Setting up the API Deployer and deployment infrastructures¶
The API Deployer is part of the Deployer, so please follow the Deployer installation steps to be able to use the API Deployer.
You will then need to create API infrastructures.
Create your first infrastructure¶
The API Deployer manages several deployment infrastructures. You need to create at least one in order to be able to deploy API Services.
Possible infrastructure types are:
A static infrastructure: a set of pre-deployed API nodes that the API Deployer manages.
A kubernetes infrastructure: the API Deployer dynamically creates containers in your Kubernetes cluster to run the API Node server.
An external platform: API Deployer can deploy to any of the supported 3rd party platforms - AWS Sagemaker, Azure Machine Learning, Google Vertex AI or Snowflake Snowpark
Static infrastructure¶
Install one or several API nodes as described in Installing API nodes
For each API node, generate an admin key from the terminal: go to the API node’s DATA_DIR and use
./bin/apinode-admin admin-key-create
Write down the key
On the API Deployer node:
From the home page, go to the API Deployer > Infrastructures
Create a new infrastructure with “static” type
Go to the “API Nodes” settings page
For each API node, enter its base URL (including protocol and port number) and the API key
Then, go to the “Permissions” tab and grant to some user groups the right to deploy models to this infrastructure.

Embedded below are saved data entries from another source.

(* Let $t_0\in\mathbb{R}$, $q_0\ge0$, $\mu>0$, $\alpha>0$, let $X:[t_0,+\infty)\to[0,+\infty)$ be continuous, and let $q$ solve $$q'(t)=X(t)-\Big[\mu+e^{-\alpha q(t)}\big(\min\{\mu,X(t)\}-\mu\big)\Big],\qquad q(t_0)=q_0.$$ Suppose there exist $t_X>t_0$ and $X_\infty<\mu$ with $X(t)\le X_\infty$ for all $t\ge t_X$, and let $q_X=q(t_X)>0$. For $0<\epsilon\le q_X$ define the emptying time $T_\epsilon(q_X)=\inf\{t\ge t_X: q(t)\le\epsilon\}$. Then $$T_\epsilon(q_X)\le t_X+\frac{q_X-\epsilon}{\mu-X_\infty}+\frac{1}{\alpha(\mu-X_\infty)}\log\!\Big(\frac{q_X}{\epsilon}\Big).$$
   Context: This ODE is the logistic queue model: $q$ is the queue size, $X$ the inflow, $\mu>0$ the maximum outflow rate and $\alpha>0$ a fixed model parameter. *)

From Stdlib Require Import Reals.
Open Scope R_scope.

Definition queue_rhs (mu alpha x qv : R) : R :=
  x - (mu + exp (- alpha * qv) * (Rmin mu x - mu)).

Definition is_inf (E : R -> Prop) (m : R) : Prop :=
  (forall x, E x -> m <= x) /\
  (forall b, (forall x, E x -> b <= x) -> b <= m).

(** Along the trajectory, as long as [q > 0] and [X <= X_inf], the Lyapunov
    function [V t = q t + ln (q t) / alpha + (mu - X_inf) t] is nonincreasing,
    because [1 - exp (-a) >= a / (1 + a)]. If [q] stayed above [eps] on
    [[tX, T]], comparing [V T] with [V tX] and using [q T > eps] forces [T] to
    be below the claimed bound; so [q] reaches [eps] before that bound, and the
    infimum of the hitting set is no larger. *)

From Stdlib Require Import Reals Lra Classical.
Open Scope R_scope.

Lemma ln_le_ln x y : 0 < x -> x <= y -> ln x <= ln y.
Proof.
  intros Hx [Hlt | <-]; [left; apply ln_increasing; assumption | right; reflexivity].
Qed.

Lemma ln_div x y : 0 < x -> 0 < y -> ln (x / y) = ln x - ln y.
Proof.
  intros Hx Hy. unfold Rdiv.
  rewrite ln_mult, ln_Rinv; [ring | assumption | assumption | apply Rinv_0_lt_compat; assumption].
Qed.

Lemma is_inf_exists (E : R -> Prop) (m : R) :
  (exists x, E x) -> (forall x, E x -> m <= x) -> exists T, is_inf E T.
Proof.
  intros [x Ex] Hlow.
  destruct (completeness (fun y => E (- y))) as [s [Hub Hlub]].
  - exists (- m). intros y Ey. specialize (Hlow _ Ey). lra.
  - exists (- x). rewrite Ropp_involutive. exact Ex.
  - exists (- s). split.
    + intros y Ey. enough (- y <= s) by lra.
      apply Hub. rewrite Ropp_involutive. exact Ey.
    + intros b Hb. enough (s <= - b) by lra.
      apply Hlub. intros y Ey. specialize (Hb _ Ey). lra.
Qed.

Lemma derivative_nonpos_antitone (f f' : R -> R) (a b : R) :
  a <= b ->
  (forall c, a <= c <= b -> derivable_pt_lim f c (f' c)) ->
  (forall c, a <= c <= b -> f' c <= 0) ->
  f b <= f a.
Proof.
  intros [Hab | <-] Hder Hneg; [|lra].
  destruct (MVT_cor2 f f' a b Hab Hder) as [c [Hmvt Hc]].
  assert (f' c <= 0) by (apply Hneg; lra).
  nra.
Qed.

Lemma queue_rhs_underloaded mu alpha x qv :
  x <= mu -> queue_rhs mu alpha x qv = (x - mu) * (1 - exp (- alpha * qv)).
Proof. intros Hx. unfold queue_rhs. rewrite Rmin_right by lra. ring. Qed.

Lemma one_le_one_sub_exp_neg_mul a : 0 < a -> 1 <= (1 - exp (- a)) * (1 + / a).
Proof.
  intros Ha.
  assert (Hexp : 1 + a < exp a) by (apply exp_ineq1; lra).
  assert (Hinv : exp (- a) * exp a = 1)
    by (rewrite <- exp_plus, Rplus_opp_l; exact exp_0).
  assert (Hpos : 0 < exp (- a)) by apply exp_pos.
  (* This is the claim, minus [1], times [a]. *)
  assert (Hbound : exp (- a) * (1 + a) <= 1) by nra.
  replace ((1 - exp (- a)) * (1 + / a))
    with (1 + (1 - exp (- a) * (1 + a)) * / a) by (field; lra).
  assert (0 <= (1 - exp (- a) * (1 + a)) * / a).
  { apply Rmult_le_pos; [lra | left; apply Rinv_0_lt_compat; lra]. }
  lra.
Qed.

Lemma queue_rhs_lyapunov_le mu alpha Xinf x qv :
  0 < alpha -> Xinf < mu -> x <= Xinf -> 0 < qv ->
  queue_rhs mu alpha x qv * (1 + / alpha * / qv) <= - (mu - Xinf).
Proof.
  intros Ha Hmu Hx Hq.
  rewrite queue_rhs_underloaded by lra.
  pose proof (one_le_one_sub_exp_neg_mul (alpha * qv) ltac:(nra)) as Hone.
  rewrite Ropp_mult_distr_l, Rinv_mult in Hone.
  assert (Hfac : 0 <= 1 - exp (- alpha * qv)).
  { rewrite <- exp_0. enough (exp (- alpha * qv) < exp 0) by lra.
    apply exp_increasing. nra. }
  assert (Hsum : 0 <= 1 + / alpha * / qv).
  { enough (0 < / alpha * / qv) by lra.
    apply Rmult_lt_0_compat; apply Rinv_0_lt_compat; lra. }
  nra.
Qed.

Definition queue_lyapunov (alpha C : R) (q : R -> R) (t : R) : R :=
  q t + / alpha * ln (q t) + C * t.

Lemma queue_lyapunov_derivative (q : R -> R) alpha C c d :
  0 < q c -> derivable_pt_lim q c d ->
  derivable_pt_lim (queue_lyapunov alpha C q) c
    (d * (1 + / alpha * / q c) + C).
Proof.
  intros Hqc Hd.
  pose proof (derivable_pt_lim_comp q ln c _ _ Hd (derivable_pt_lim_ln _ Hqc)) as Hln.
  pose proof (derivable_pt_lim_plus _ _ c _ _ Hd
                 (derivable_pt_lim_scal _ (/ alpha) c _ Hln)) as Hsum.
  pose proof (derivable_pt_lim_scal _ C c _ (derivable_pt_lim_id c)) as Hlin.
  replace (d * (1 + / alpha * / q c) + C)
    with (d + / alpha * (/ q c * d) + C * 1) by ring.
  exact (derivable_pt_lim_plus _ _ c _ _ Hsum Hlin).
Qed.

Section Emptying.

Variables (mu alpha Xinf tX eps : R) (X q : R -> R).
Hypothesis Halpha : 0 < alpha.
Hypothesis HXinf : Xinf < mu.
Hypothesis Heps : 0 < eps.
Hypothesis HXbound : forall t, tX <= t -> X t <= Xinf.
Hypothesis Hode :
  forall t, tX <= t -> derivable_pt_lim q t (queue_rhs mu alpha (X t) (q t)).

Let emptying_bound :=
  tX + (q tX - eps) / (mu - Xinf) + / (alpha * (mu - Xinf)) * ln (q tX / eps).

Lemma above_level_before_bound T :
  tX <= T -> (forall t, tX <= t <= T -> eps < q t) -> T < emptying_bound.
Proof.
  intros HT Habove.
  set (C := mu - Xinf).
  assert (HVdecr : queue_lyapunov alpha C q T <= queue_lyapunov alpha C q tX).
  { apply (derivative_nonpos_antitone (queue_lyapunov alpha C q)
             (fun t => queue_rhs mu alpha (X t) (q t) * (1 + / alpha * / q t) + C));
      [exact HT | intros c Hc; assert (eps < q c) by (apply Habove; exact Hc) ..].
    - apply queue_lyapunov_derivative; [lra | apply Hode; lra].
    - enough (queue_rhs mu alpha (X c) (q c) * (1 + / alpha * / q c) <= - C) by lra.
      apply queue_rhs_lyapunov_le; [exact Halpha | exact HXinf | apply HXbound; lra | lra]. }
  assert (HqT : eps < q T) by (apply Habove; lra).
  assert (HlnT : ln eps < ln (q T)) by (apply ln_increasing; lra).
  assert (HqX : eps < q tX) by (apply Habove; lra).
  unfold emptying_bound. fold C.
  rewrite ln_div by lra.
  assert (HC : 0 < C) by (unfold C; lra).
  assert (Hia : 0 < / alpha) by (apply Rinv_0_lt_compat; lra).
  unfold queue_lyapunov in HVdecr.
  apply (Rmult_lt_reg_l C); [exact HC |].
  replace (C * (tX + (q tX - eps) / C + / (alpha * C) * (ln (q tX) - ln eps)))
    with (C * tX + (q tX - eps) + / alpha * (ln (q tX) - ln eps)) by (field; lra).
  nra.
Qed.

Lemma reaches_level_before_bound :
  eps <= q tX -> exists t, tX <= t <= emptying_bound /\ q t <= eps.
Proof.
  intros HqX.
  assert (Hstart : tX <= emptying_bound).
  { unfold emptying_bound.
    assert (HC : 0 < mu - Xinf) by lra.
    assert (0 <= (q tX - eps) / (mu - Xinf)).
    { apply Rmult_le_pos; [lra | left; apply Rinv_0_lt_compat; lra]. }
    assert (0 <= / (alpha * (mu - Xinf)) * ln (q tX / eps)).
    { apply Rmult_le_pos.
      - left. apply Rinv_0_lt_compat. nra.
      - rewrite ln_div by lra.
        enough (ln eps <= ln (q tX)) by lra.
        apply ln_le_ln; lra. }
    lra. }
  apply NNPP. intros Hnever.
  enough (emptying_bound < emptying_bound) by lra.
  apply above_level_before_bound; [exact Hstart |].
  intros t Ht. apply Rnot_le_lt. intros Hle. apply Hnever. exists t. auto.
Qed.

End Emptying.

Theorem mainTheorem4
  (t0 q0 mu alpha : R) (X q : R -> R)
  (Hq0 : 0 <= q0) (Hmu : 0 < mu) (Halpha : 0 < alpha)
  (HXnn : forall t, t0 <= t -> 0 <= X t)
  (HXcont : forall t, t0 <= t -> limit1_in X (fun s => t0 <= s) (X t) t)
  (Hqcont0 : limit1_in q (fun s => t0 <= s) q0 t0)
  (Hode : forall t, t0 < t -> derivable_pt_lim q t (queue_rhs mu alpha (X t) (q t)))
  (Hinit : q t0 = q0)
  (tX Xinf : R) (HtX : t0 < tX) (HXinf : Xinf < mu)
  (HXbound : forall t, tX <= t -> X t <= Xinf)
  (HqX : 0 < q tX)
  (eps : R) (Heps : 0 < eps) (HepsqX : eps <= q tX) :
  exists T : R,
    is_inf (fun t => tX <= t /\ q t <= eps) T /\
    T <= tX + (q tX - eps) / (mu - Xinf)
           + / (alpha * (mu - Xinf)) * ln (q tX / eps).
Proof.
  (* Only the dynamics after [tX] matter: the data on [[t0, tX)] is unused. *)
  assert (HodeX : forall t, tX <= t ->
            derivable_pt_lim q t (queue_rhs mu alpha (X t) (q t)))
    by (intros t Ht; apply Hode; lra).
  destruct (reaches_level_before_bound mu alpha Xinf tX eps X q
              Halpha HXinf Heps HXbound HodeX HepsqX) as [ts [Hts Hqts]].
  destruct (is_inf_exists (fun t => tX <= t /\ q t <= eps) tX)
    as [T [HTlow HTglb]].
  - exists ts. split; [lra | exact Hqts].
  - intros t [Ht _]. exact Ht.
  - exists T. split; [split; assumption |].
    enough (T <= ts) by lra.
    apply HTlow. split; [lra | exact Hqts].
Qed.
(* Let $q\in\mathbb{C}^\times$ be not a root of unity, $k\in\mathbb{Z}_{>0}$ and $Q,\beta\in\mathbb{C}^\times$. The polynomials $p^{\langle Q\rangle}_t(q;\beta)(x_1,\dots,x_k)$, $1\le t\le k$, are algebraically independent over $\mathbb{C}$.
   Context: For $t,k>0$, $p_t(q)(x_1,\dots,x_k)=\sum_{\lambda\vdash t,\ \ell(\lambda)\le k}q^{-\ell(\lambda)}(q-q^{-1})^{\ell(\lambda)-1}m_\lambda(x_1,\dots,x_k)$ ($\lambda$ partitions of $t$ with at most $k$ nonzero parts, $m_\lambda$ monomial symmetric polynomial). With $\tilde\beta=(q-q^{-1})^{-1}(1-\beta^{-2})$, $p^{\langle Q\rangle}_t(q;\beta)(x_1,\dots,x_k)=p_t(q)(x_1,\dots,x_k)+\tilde\beta Q^{-t}+(q-q^{-1})\sum_{z=1}^{t-1}\tilde\beta Q^{-t+z}p_z(q)(x_1,\dots,x_k)$. *)

From HB Require Import structures.
From mathcomp Require Import all_boot all_order all_algebra.
From mathcomp Require Import Rstruct.
From mathcomp Require Import complex.
From mathcomp Require Import mpoly.
Set Implicit Arguments. Unset Strict Implicit. Unset Printing Implicit Defensive.
Import Order.TTheory GRing.Theory Num.Theory.
Local Open Scope ring_scope.

Definition C : Type := complex Rdefinitions.R.

Definition lam_of (k : nat) (a : 'X_{1..k}) : seq nat :=
  sort geq (filter (fun n => n != 0%N) [seq a i | i <- enum 'I_k]).

Definition is_partition (k t : nat) (lam : seq nat) : bool :=
  [&& sorted geq lam, all (fun n => 0 < n)%N lam, sumn lam == t
    & size lam <= k]%N.

Definition partitions (k t : nat) : seq (seq nat) :=
  [seq lam <- undup [seq lam_of (val a) | a : 'X_{1..k < t.+1}]
     | is_partition k t lam].

Definition msym (k : nat) (lam : seq nat) : {mpoly C[k]} :=
  \sum_(a : 'X_{1..k < (sumn lam).+1} | lam_of (val a) == lam) 'X_[val a].

Definition pt (q : C) (k t : nat) : {mpoly C[k]} :=
  \sum_(lam <- partitions k t)
     ((q ^- size lam) * (q - q^-1) ^+ (size lam).-1) *: msym k lam.

Definition betat (q beta : C) : C := (q - q^-1)^-1 * (1 - beta ^- 2).

Definition pQ (q beta Q : C) (k t : nat) : {mpoly C[k]} :=
  pt q k t + (betat q beta * Q ^- t)%:MP
  + (q - q^-1) *: \sum_(1 <= z < t) (betat q beta * Q ^- (t - z)) *: pt q k z.

Definition alg_indep (n k : nat) (lq : n.-tuple {mpoly C[k]}) : Prop :=
  forall P : {mpoly C[n]}, comp_mpoly lq P = 0 -> P = 0.

From Pilot Require Import Defs.
From HB Require Import structures.
From mathcomp Require Import all_boot all_order all_algebra.
From mathcomp Require Import Rstruct complex mpoly.

(* Put d = q - q^-1, s = 1 - q^-2 and h_t = \sum_(|a| = t) s^l(a) x^a, where l(a) is
   the number of nonzero exponents of a; then p_t(q) = d^-1 h_t for t > 0.  The identity
   \sum_j (-1)^j e_j h_(t-j) = (s - 1)^t e_t, the coefficientwise form of
   \prod_i (1 - x_i) (1 + s x_i / (1 - x_i)) = \prod_i (1 + (s - 1) x_i), gives
   h_t = ((s - 1)^t - (-1)^t) e_t + (a polynomial in e_1, ..., e_(t-1)).
   The other terms of p^<Q>_t are constants and multiples of p_z with z < t.  As q is
   not a root of unity the leading coefficients do not vanish, so the p^<Q>_t arise from
   the algebraically independent e_1, ..., e_k by an invertible triangular substitution. *)

Set Implicit Arguments.
Unset Strict Implicit.
Unset Printing Implicit Defensive.
Import GRing.Theory.
Local Open Scope ring_scope.

Lemma mcoeff_sum_bmultinom (R : nzRingType) (n b : nat) (P : pred 'X_{1..n})
    (E : 'X_{1..n} -> R) (m : 'X_{1..n}) :
  (\sum_(a : 'X_{1..n < b} | P a) E a *: 'X_[a])@_m =
    if (mdeg m < b)%N && P m then E m else 0.
Proof.
rewrite raddf_sum /=; under eq_bigr do rewrite mcoeffZ mcoeffX.
case: ifP => [/andP[lt_mb Pm] | NPm].
  rewrite (bigD1 (BMultinom lt_mb)) //= eqxx mulr1 big1 ?addr0 // => a /andP[_ ne_am].
  by move: ne_am; rewrite -val_eqE /= => /negbTE ->; rewrite mulr0.
apply: big1 => a Pa; case: eqP => [am|_]; last by rewrite mulr0.
by move: NPm; rewrite -am bmdeg Pa.
Qed.

Lemma mcoeffXM (R : comNzRingType) (n : nat) (a m : 'X_{1..n}) (p : {mpoly R[n]}) :
  ('X_[a] * p)@_m = if (a <= m)%MM then p@_(m - a) else 0.
Proof.
case: ifP => le_am; first by rewrite -{1}(submK le_am) addmC mulrC mcoeffMX.
rewrite {1}(mpolyE p) mulr_sumr raddf_sum /= big1 // => a' _.
rewrite -scalerAr -mpolyXD mcoeffZ mcoeffX.
by case: eqP => [am|]; [move: le_am; rewrite -am lem_addr | rewrite mulr0].
Qed.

Your infrastructure is ready to use, and you can create your first model: First API (with API Deployer).
Kubernetes infrastructure¶
Please see Deploying on Kubernetes.
External infrastructure¶
In order to deploy to a third party platform, you first need to setup and store the credentials to be used by API Deployer. This operation is done through a connection of a specific type listed under the section Managed Model Deployment Infrastructures. Each of the supported type offers various ways to authenticate and you will probably need to be administrator of your external platform and have knowledge of how to setup authentication and permissions to finalize this task.
Once done and working, you can go back to API Deployer and create the Infrastructure
Create a new infrastructure with one of the corresponding types: Azure Machine Learning, Amazon Sagemaker, Google Vertex AI or Snowflake Snowpark
Open the “Basic Parameters” section and fill-in the mandatory parameters, mostly on how to authenticate to the external infrastructure and the docker registry
Check and activate other optional settings and capabilities, especially the “Auditing and queries logging” if you want to build a monitoring loop
Grant access to this infrastructure in the “Permissions” section
Your infrastructure is now ready to use.
Note
Deploying to an external infrastructure is leveraging docker images. To that extent, it requires Dataiku’s “apideployer” docker base images to be built. See Build the base image in a custom setup.
Once configured, you can deploy API Service to this infrastructure as explained in Deploying to an external platform.
Setting up stages¶
Each infrastructure belongs to a “Lifecycle stage”. This is used in order to show deployments per lifecycle stage. DSS comes preconfigured with the classic “Development”, “Test” and “Production” stages but you can freely modify these stages in Administration > Settings > Deployer > API deployment stages.
Configuring an API infrastructure¶
For details on how to configure a Kubernetes Cluster of API nodes, please refer to Deploying on Kubernetes.
Auditing and query logging¶
This section allows to define how and where the API infrastructure will log its activity.
If you are using Fleet Manager, you will not be able to do the detailed configuration of Event-Server or Kafka in this screen, this is done in Fleet Manager directly.
A key part of this section is the reporting options: they are used to configure how prediction logs are going to be reported for MLOps monitoring. The standard option provided by Dataiku is called the Event Server. With this solution in place, all predictions made by any deployment on this infrastructure will be sent back to the Event Server to store it on a file-based storage. This will be the main source for building your feedback loop.
You can find more on configuring an Event Server in The Event Server. To understand, configure and automate your monitoring loop, you can refer to our dedicated Knowledge Base article.
Permissions¶
You can define a group-based security scheme for each infrastructure, to match your internal organization and processes.
Each user using Project Deployer has access to different set of actions depending on these permissions:
if the user is not granted any permission, this infrastructure and all its deployments will not even be visible or usable in any way
the View permission limits the user’s ability to see deployments and their details in the dashboard
Deploy grants the user the right to create, update or delete deployments on this infrastructure
the Admin permission allows the user to see and edit all infrastructure settings
Note
The user security is not only defined by infrastructure but also by API service, as defined in the Services tab. This allows advanced configuration such as allowing all users to deploy any API service on a DEV infrastructure but only certain user able to deploy it on a PROD infrastructure. You can even restrict the deployment of API Services on a production instance to a technical account used by a CI/CD orchestrator through Python API, while keeping users the view rights for Monitoring. You can learn more on this type of setup in our Knowledge Base.
Deployment hooks¶
Hooks are custom actions performed before or after deployments. Please refer to the Automation node for more details.